EXERCISE: The full data must be written out exactly, with every line included.

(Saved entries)
Lemma is_series_log_identity x :
  -3 < x < c_const ->
  is_series
    (fun k : nat => ((s_fun x * INR k + t_fun x) * x ^ (3 * k)) / ((x - 1) ^ k * binom (3 * k) k))
    (12 * x ^ 2 * (1 - x) * ln (1 - x) - 27 * (1 - x) * (x ^ 2 - 6 * x + 3)).
Proof.
  intros Hx. pose proof c_const_lt_1.
  apply (is_series_cons _ (12 * x ^ 2 * (1 - x) * log_limit x)).
  - unfold log_limit, t_fun, binom, Binomial.C. simpl. field. lra.
  - apply (is_series_scal_ext _ (fun j => log_term j x) (12 * x ^ 2 * (1 - x)) (log_limit x));
      [reflexivity | |].
    + intros j. unfold log_term, pow_ratio.
      rewrite S_INR, (Nat.mul_succ_r 3 j), pow_add, <- !tech_pow_Rmult.
      pose proof (binom_pos (3 * j + 3) (S j)).
      assert ((x - 1) ^ j <> 0) by (apply pow_nonzero; lra).
      field. repeat split; lra.
    + apply (is_series_of_tail_weight_telescoping log_term log_limit log_weight x Hx).
      * unfold log_limit. rewrite Rminus_0_r, ln_1. field.
      * intros j. unfold log_term, pow_ratio. rewrite (pow_i (S (3 * j))) by lia.
        unfold Rdiv. ring.
      * intros y Hy. unfold log_weight. auto_derive. apply Rgt_not_eq. nra.
      * intros y Hy. apply is_derive_log_limit. lra.
      * intros j y Hy. apply is_derive_log_term. lra.
Qed.

Theorem theorem1p1 (x : R) (hx1 : -3 < x) (hx2 : x < c_const) :
  is_series
    (fun n : nat => let k := S n in
       (((2 * x - 3) ^ 2 * INR k + 2 * x ^ 2 + 2 * x - 3) * x ^ (3 * k))
       / ((x - 1) ^ k * binom (3 * k) k))
    (- 2 * x ^ 3 * (x + 7) / (x + 3) ^ 2
     + 8 * x ^ 2 * (x - 1) * q_fun x / ((x + 3) ^ 2 * sqrt ((1 - x) * (3 + x))))
  /\
  is_series
    (fun k : nat =>
       ((s_fun x * INR k + t_fun x) * x ^ (3 * k))
       / ((x - 1) ^ k * binom (3 * k) k))
    (12 * x ^ 2 * (1 - x) * ln (1 - x) - 27 * (1 - x) * (x ^ 2 - 6 * x + 3)).
Proof.
  split; [apply is_series_atan_identity | apply is_series_log_identity]; lra.
Qed.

EXERCISE RESPONSE:
Lemma is_series_log_identity x :
  -3 < x < c_const ->
  is_series
    (fun k : nat => ((s_fun x * INR k + t_fun x) * x ^ (3 * k)) / ((x - 1) ^ k * binom (3 * k) k))
    (12 * x ^ 2 * (1 - x) * ln (1 - x) - 27 * (1 - x) * (x ^ 2 - 6 * x + 3)).
Proof.
  intros Hx. pose proof c_const_lt_1.
  apply (is_series_cons _ (12 * x ^ 2 * (1 - x) * log_limit x)).
  - unfold log_limit, t_fun, binom, Binomial.C. simpl. field. lra.
  - apply (is_series_scal_ext _ (fun j => log_term j x) (12 * x ^ 2 * (1 - x)) (log_limit x));
      [reflexivity | |].
    + intros j. unfold log_term, pow_ratio.
      rewrite S_INR, (Nat.mul_succ_r 3 j), pow_add, <- !tech_pow_Rmult.
      pose proof (binom_pos (3 * j + 3) (S j)).
      assert ((x - 1) ^ j <> 0) by (apply pow_nonzero; lra).
      field. repeat split; lra.
    + apply (is_series_of_tail_weight_telescoping log_term log_limit log_weight x Hx).
      * unfold log_limit. rewrite Rminus_0_r, ln_1. field.
      * intros j. unfold log_term, pow_ratio. rewrite (pow_i (S (3 * j))) by lia.
        unfold Rdiv. ring.
      * intros y Hy. unfold log_weight. auto_derive. apply Rgt_not_eq. nra.
      * intros y Hy. apply is_derive_log_limit. lra.
      * intros j y Hy. apply is_derive_log_term. lra.
Qed.

Theorem theorem1p1 (x : R) (hx1 : -3 < x) (hx2 : x < c_const) :
  is_series
    (fun n : nat => let k := S n in
       (((2 * x - 3) ^ 2 * INR k + 2 * x ^ 2 + 2 * x - 3) * x ^ (3 * k))
       / ((x - 1) ^ k * binom (3 * k) k))
    (- 2 * x ^ 3 * (x + 7) / (x + 3) ^ 2
     + 8 * x ^ 2 * (x - 1) * q_fun x / ((x + 3) ^ 2 * sqrt ((1 - x) * (3 + x))))
  /\
  is_series
    (fun k : nat =>
       ((s_fun x * INR k + t_fun x) * x ^ (3 * k))
       / ((x - 1) ^ k * binom (3 * k) k))
    (12 * x ^ 2 * (1 - x) * ln (1 - x) - 27 * (1 - x) * (x ^ 2 - 6 * x + 3)).
Proof.
  split; [apply is_series_atan_identity | apply is_series_log_identity]; lra.
Qed.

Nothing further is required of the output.